Task requirements →
Exactly as written, copy the lines that run from the start of the data below to the line containing "Lemma eq_poly_on_neq0 (R", both ends included.

Given entries →
^^^^^^^^^^^^^^^^
Lemma prodrMl_seq (R : comNzRingType) (I : Type) (r : seq I) (c : R) (F : I -> R) :
  \prod_(i <- r) (c * F i) = c ^+ size r * \prod_(i <- r) F i.
Proof. by rewrite big_split /= big_const_seq count_predT iter_mulr_1. Qed.

Lemma eq_poly_on_neq0 (R : numDomainType) (p q : {poly R}) :
  (forall x, x != 0 -> p.[x] = q.[x]) -> p = q.
Proof.
move=> pq; apply/eqP; rewrite -subr_eq0; apply/eqP.
pose rs := [seq i.+1%:R : R | i <- iota 0 (size (p - q))].
apply: (@roots_geq_poly_eq0 _ _ rs); last by rewrite size_map size_iota.
  apply/allP => _ /mapP [i _ ->].
  by rewrite rootE hornerD hornerN pq ?subrr ?pnatr_eq0.
by rewrite map_inj_uniq ?iota_uniq // => a b /eqP; rewrite eqr_nat eqSS => /eqP.
Qed.

Lemma horner_char_poly (R : comNzRingType) n (A : 'M[R]_n) x :
  (char_poly A).[x] = \det (x%:M - A).
Proof.
rewrite /char_poly -[_.[x]]/(horner_eval x _) -det_map_mx; congr (\det _).
apply/matrixP => k l; rewrite !mxE /horner_eval.
by rewrite rmorphB rmorphMn /= /horner_eval hornerX hornerC.
Qed.

Section SplitCharPoly.
Variables (F : numFieldType) (n : nat) (M : 'M[F]_n) (s : seq F).
Hypothesis charM : char_poly M = \prod_(z <- s) ('X - z%:P).

Lemma size_split_char_poly : size s = n.
Proof. by have := size_char_poly M; rewrite charM size_prod_XsubC => -[]. Qed.

Lemma mxtrace_split_char_poly : \tr M = \sum_(z <- s) z.
Proof.
have [n0 | n_gt0] := posnP n.
  have /size0nil -> : size s = 0 by rewrite size_split_char_poly.
  by rewrite big_nil /mxtrace big1 // => k _; have := ltn_ord k; rewrite {2}n0.
apply: oppr_inj; rewrite -char_poly_trace // charM -coefPn_prod_XsubC.
  by rewrite size_split_char_poly.
by rewrite size_split_char_poly -lt0n.
Qed.

Lemma det_split_char_poly : \det M = \prod_(z <- s) z.
Proof.
apply: (@mulfI _ ((-1) ^+ n)); first by rewrite signr_eq0.
by rewrite -char_poly_det charM coef0_prod_XsubC size_split_char_poly.
Qed.

Lemma char_poly_scalar_sub c :
  char_poly (c%:M - M) = \prod_(z <- map (fun z => c - z) s) ('X - z%:P).
Proof.
apply: eq_poly_on_neq0 => x _; rewrite horner_char_poly big_map horner_prod.
have -> : x%:M - (c%:M - M) = - ((c - x)%:M - M).
  apply/matrixP => k l; rewrite !mxE.
  by case: (k == l); rewrite /= ?mulr1n ?mulr0n; ring.
rewrite -scaleN1r detZ -horner_char_poly charM.
rewrite horner_prod -size_split_char_poly -prodrMl_seq.
by apply: eq_bigr => z _; rewrite !hornerXsubC; ring.
Qed.

Lemma char_poly_invmx : M \in unitmx ->
  char_poly (invmx M) = \prod_(z <- map GRing.inv s) ('X - z%:P).
Proof.
move=> uM; have detM0 : \det M != 0 by rewrite -unitfE -unitmxE.
have s_neq0 z : z \in s -> z != 0.
  move=> zs; apply: contraNneq detM0 => z0.
  rewrite det_split_char_poly prodf_seq_eq0; apply/hasP.
  by exists z => //=; apply/eqP.
apply: eq_poly_on_neq0 => x x0; rewrite horner_char_poly big_map.
have -> : x%:M - invmx M = invmx M *m ((- x) *: (x^-1%:M - M)).
  rewrite -scalemxAr mulmxBr mul_mx_scalar mulVmx // scalerBr scalerA.
  by rewrite mulNr divff // scaleN1r scaleNr opprK scalemx1 addrC.
rewrite det_mulmx detZ -horner_char_poly charM det_inv.
rewrite det_split_char_poly -size_split_char_poly -prodfV !horner_prod.
rewrite -prodrMl_seq -big_split /=; apply: eq_big_seq => z /s_neq0 z0.
by rewrite !hornerXsubC; field; rewrite x0 z0.
Qed.

End SplitCharPoly.

(** Both sides are [X^n] times the determinant of the bordered matrix
[[X - C, u], [w, 1]], factored in two ways. *)
Lemma char_poly_add_rank1 (F : fieldType) n (C : 'M[F]_n) (u : 'cV_n) (w : 'rV_n) :
  C *m u = 0 -> w *m u = 1%:M ->
  char_poly (C + u *m w) * 'X = char_poly C * ('X - 1).
Proof.
move=> Cu wu; set up := map_mx polyC u; set wp := map_mx polyC w.
set Q := block_mx (char_poly_mx C) up wp (1%:M : 'M_1).
have detQ : block_mx 1%:M up 0 (1%:M : 'M_1) *m
            block_mx (char_poly_mx (C + u *m w)) 0 wp (1%:M : 'M_1) = Q.
  rewrite mulmx_block !mul1mx !mulmx0 !mul0mx ?addr0 ?add0r ?mulmx1.
  rewrite /Q; congr block_mx; rewrite /char_poly_mx map_mxD map_mxM -/up -/wp.
  by rewrite opprD addrA subrK.
have QX : Q *m block_mx ('X%:M) (- up) 0 ('X%:M : 'M_1) =
          block_mx ('X *: char_poly_mx C) 0 ('X *: wp) (('X - 1)%:M : 'M_1).
  rewrite mulmx_block ?mulmx0 ?addr0 ?mul_mx_scalar ?mul1mx; congr block_mx.
  - rewrite mulmxN /char_poly_mx mulmxBl mul_scalar_mx -map_mxM Cu map_mx0.
    by rewrite subr0 addNr.
  - rewrite mulmxN -map_mxM wu map_scalar_mx /= polyC1 scalemx1 addrC.
    by rewrite (raddfB (@scalar_mx _ 1)).
have := congr1 determinant QX; rewrite -detQ !det_mulmx !det_ublock !det_lblock.
rewrite !det_scalar !detZ !expr1n !expr1 !mul1r !mulr1.
have Xn0 : ('X^n : {poly F}) != 0 by rewrite expf_neq0 // polyX_eq0.
by rewrite mulrC -!mulrA => /(mulfI Xn0); rewrite mulrC.
Qed.

Lemma qformE (R : comNzRingType) n (M : 'M[R]_n) (z : 'cV[R]_n) :
  (z^T *m M *m z) 0 0 = \sum_k \sum_l z k 0 * M k l * z l 0.
Proof.
rewrite mxE exchange_big /=; apply: eq_bigr => l _.
by rewrite mxE mulr_suml; apply: eq_bigr => k _; rewrite mxE.
Qed.

Lemma invmx_mul (R : comUnitRingType) n (M N : 'M[R]_n) :
  M \in unitmx -> N \in unitmx -> invmx (M *m N) = invmx N *m invmx M.
Proof.
move=> unitM unitN; have unitMN : M *m N \in unitmx by rewrite unitmx_mul unitM.
rewrite -[RHS](mulKmx unitMN) -mulmxA (mulmxA N) mulmxV // mul1mx mulmxV //.
by rewrite mulmx1.
Qed.

Lemma posdef_unitmx (R : rcfType) n (S : 'M[R]_n) : posdef S -> S \in unitmx.
Proof.
move=> Spd; apply: contraT; rewrite unitmxE unitfE negbK => /det0P [w w_neq0 wS].
by have := Spd w^T; rewrite trmx_eq0 trmxK wS mul0mx mxE ltxx => /(_ w_neq0).
Qed.

Section ShermanMorrison.
Variables (F : fieldType) (n : nat) (S : 'M[F]_n) (u : 'cV[F]_n) (w : 'rV[F]_n).
Hypothesis unitS : S \in unitmx.
Let alpha := (w *m invmx S *m u) 0 0.

Lemma mulmx_sub_rank1_invmx :
  (S - u *m w) *m (invmx S *m u) = (1 - alpha) *: u.
Proof.
rewrite mulmxBl mulmxA mulmxV // mul1mx -!mulmxA (mulmxA w) [w *m _ *m _]mx11_scalar.
by rewrite mul_mx_scalar scalerBl scale1r.
Qed.

Lemma sub_rank1_unitmx_neq1 : (S - u *m w) \in unitmx -> alpha != 1.
Proof.
move=> unitT; apply/eqP => alpha1.
have Sinv_u0 : invmx S *m u = 0.
  by rewrite -[LHS](mulKmx unitT) mulmx_sub_rank1_invmx alpha1 subrr scale0r mulmx0.
move: alpha1; rewrite /alpha -mulmxA Sinv_u0 mulmx0 mxE => /eqP.
by rewrite eq_sym oner_eq0.
Qed.

Lemma invmx_sub_rank1 : alpha != 1 ->
  invmx (S - u *m w) = invmx S + (1 - alpha)^-1 *: (invmx S *m u *m (w *m invmx S)).
Proof.
move=> alpha_neq1; have alpha1 : 1 - alpha != 0 by rewrite subr_eq0 eq_sym.
set B := invmx S + _.
have TB : (S - u *m w) *m B = 1%:M.
  rewrite mulmxDr -scalemxAr mulmxA mulmx_sub_rank1_invmx mulmxBl mulmxV //.
  by rewrite -scalemxAl -mulmxA scalerA mulVf // scale1r subrK.
by rewrite -[B](mulKmx (mulmx1_unit TB).1) TB mulmx1.
Qed.
End ShermanMorrison.

Section SymmetricRankOneUpdate.
Variables (F : fieldType) (n : nat) (S : 'M[F]_n) (a : F) (v : 'cV[F]_n).
Hypothesis unitS : S \in unitmx.
Let x := invmx S *m v.
Let alpha := a * (v^T *m x) 0 0.

Lemma sub_sym_rank1_alphaE : (v^T *m invmx S *m (a *: v)) 0 0 = alpha.
Proof. by rewrite -scalemxAr mxE -mulmxA. Qed.

Lemma sub_sym_rank1_unitmx_neq1 : S - a *: (v *m v^T) \in unitmx -> alpha != 1.
Proof.
by rewrite scalemxAl -sub_sym_rank1_alphaE; apply: sub_rank1_unitmx_neq1.
Qed.

Lemma mxtrace_invmx_sub_sym_rank1 (D : 'M[F]_n) : S^T = S -> alpha != 1 ->
  \tr (invmx (S - a *: (v *m v^T)) *m D) - \tr (invmx S *m D) =
  a * (x^T *m D *m x) 0 0 / (1 - alpha).
Proof.
move=> Ssym alpha_neq1; have vTSinv : v^T *m invmx S = x^T.
  by rewrite trmx_mul trmx_inv Ssym.
rewrite scalemxAl invmx_sub_rank1 ?sub_sym_rank1_alphaE //.
rewrite vTSinv -scalemxAr -scalemxAl scalerA mulmxDl mxtraceD addrAC subrr add0r.
by rewrite -scalemxAl mxtraceZ -mulmxA mxtrace_mulC mulmxA trace_mx11 [RHS]mulrC mulrA.
Qed.

End SymmetricRankOneUpdate.

Section Kemeny.
Variable R : rcfType.
Local Notation rc := (real_complex R).

Lemma char_poly_spectrum n (Q : 'M[R]_n) :
  char_poly (map_mx rc Q) = \prod_(z <- spectrum Q) ('X - z%:P).
Proof.
rewrite /spectrum; case: closed_field_poly_normal => r /= charQ.
by rewrite {1}charQ (monicP (char_poly_monic _)) scale1r.
Qed.

(** By [char_poly_add_rank1], the spectrum of [I - P + u w] is that of
[I - P] with one eigenvalue [0] replaced by [1]. *)
Lemma kemeny_mxtrace n (P : 'M[R]_n) (u : 'cV[R]_n) (w : 'rV[R]_n) :
  P *m u = u -> w *m u = 1%:M -> (1%:M - P + u *m w) \in unitmx ->
  kemeny P = rc (\tr (invmx (1%:M - P + u *m w))) - 1.
Proof.
move=> Pu wu unitB; set s := spectrum P.
have charC := char_poly_scalar_sub (char_poly_spectrum P) 1.
have charBX : char_poly (map_mx rc (1%:M - P + u *m w)) * 'X =
              char_poly (1%:M - map_mx rc P) * ('X - 1).
  have Cu : (1%:M - P) *m u = 0 by rewrite mulmxBl mul1mx Pu subrr.
  have eX : map_poly rc ('X - 1) = 'X - 1 by rewrite rmorphB /= map_polyX rmorph1.
  have := congr1 (map_poly rc) (char_poly_add_rank1 Cu wu).
  by rewrite !rmorphM /= eX map_polyX !map_char_poly map_mxB map_mx1.
have s1 : 1 \in s.
  have := congr1 (horner^~ 0) charBX; rewrite !hornerM hornerX mulr0 => /esym/eqP.
  rewrite mulf_eq0 !hornerE oppr_eq0 oner_eq0 orbF -rootE charC root_prod_XsubC.
  by case/mapP => z zs /eqP; rewrite eq_sym subr_eq0 => /eqP ->.
have charB : char_poly (map_mx rc (1%:M - P + u *m w)) =
    \prod_(z <- 1 :: map (fun z => 1 - z) (rem 1 s)) ('X - z%:P).
  apply: (@mulIf _ _ (negbT (polyX_eq0 _))); rewrite charBX charC.
  rewrite (perm_big _ (perm_map _ (perm_to_rem s1))) /= !big_cons subrr polyC0 subr0.
  by rewrite polyC1; ring.
have unitBrc : map_mx rc (1%:M - P + u *m w) \in unitmx by rewrite map_unitmx.
have := mxtrace_split_char_poly (char_poly_invmx charB unitBrc).
rewrite -map_invmx trace_map_mx => ->.
by rewrite /kemeny -/s /= big_cons invr1 !big_map addrC addKr.
Qed.

End Kemeny.

Section Laplacian.
Variables (R : rcfType) (n : nat).
Implicit Types (A : 'M[R]_n) (z : 'cV[R]_n).

Definition laplacian A := degmx A - A.

Definition shifted_laplacian A :=
  laplacian A + (vol A)^-1 *: (degv A *m (degv A)^T).

(** Summed over ordered pairs, hence twice the usual Dirichlet energy. *)
Definition dirichlet A z := \sum_k \sum_l A k l * (z k 0 - z l 0) ^+ 2.

Lemma degvE A k : degv A k 0 = \sum_l A k l.
Proof. by rewrite mxE; apply: eq_bigr => l _; rewrite mxE mulr1. Qed.

Lemma degmxE A k l : degmx A k l = degv A k 0 *+ (k == l).
Proof. by rewrite 2!mxE. Qed.

Lemma vol_gt0 A : (0 < n)%N -> (forall k, 0 < degv A k 0) -> 0 < vol A.
Proof.
move=> n_gt0 d_gt0; rewrite /vol (bigD1 (Ordinal n_gt0)) //=.
by rewrite ltr_pwDl // sumr_ge0 // => k _; exact: ltW.
Qed.

Lemma degmx_unitmx A : (forall k, 0 < degv A k 0) -> degmx A \in unitmx.
Proof.
move=> d_gt0; rewrite unitmxE unitfE det_diag; apply/prodf_neq0 => k _.
by rewrite mxE gt_eqF.
Qed.

Lemma degmx_mul_const1 A : degmx A *m const_mx 1 = degv A.
Proof. by apply/matrixP => k l; rewrite mul_diag_mx !mxE ord1 mulr1. Qed.

Lemma laplacian_qform A z : A^T = A ->
  (z^T *m laplacian A *m z) 0 0 = 2^-1 * dirichlet A z.
Proof.
move=> Asym; have Atr k l : A l k = A k l by rewrite -[in LHS]Asym mxE.
set Q := \sum_k \sum_l A k l * (z k 0 * (z k 0 - z l 0)).
have qformQ : (z^T *m laplacian A *m z) 0 0 = Q.
  rewrite qformE; apply: eq_bigr => k _; rewrite /laplacian.
  under eq_bigr do rewrite mxE degmxE [(- A) _ _]mxE mulrDr mulrDl.
  rewrite big_split /= (bigD1 k) //= big1 ?addr0 => [|l lk]; last first.
    by rewrite eq_sym (negbTE lk) mulr0n mulr0 mul0r.
  rewrite eqxx mulr1n degvE mulr_sumr mulr_suml -big_split /=.
  by apply: eq_bigr => l _; ring.
have Qswap : \sum_k \sum_l A k l * (z l 0 * (z l 0 - z k 0)) = Q.
  rewrite exchange_big; apply: eq_bigr => l _; apply: eq_bigr => k _.
  by rewrite Atr.
have -> : dirichlet A z = Q + Q.
  rewrite -{2}Qswap -big_split; apply: eq_bigr => k _.
  by rewrite -big_split; apply: eq_bigr => l _ /=; ring.
by rewrite qformQ; field.
Qed.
^^^^^^^^^^^^^^^^
Written answer →
Lemma prodrMl_seq (R : comNzRingType) (I : Type) (r : seq I) (c : R) (F : I -> R) :
  \prod_(i <- r) (c * F i) = c ^+ size r * \prod_(i <- r) F i.
Proof. by rewrite big_split /= big_const_seq count_predT iter_mulr_1. Qed.

Lemma eq_poly_on_neq0 (R : numDomainType) (p q : {poly R}) :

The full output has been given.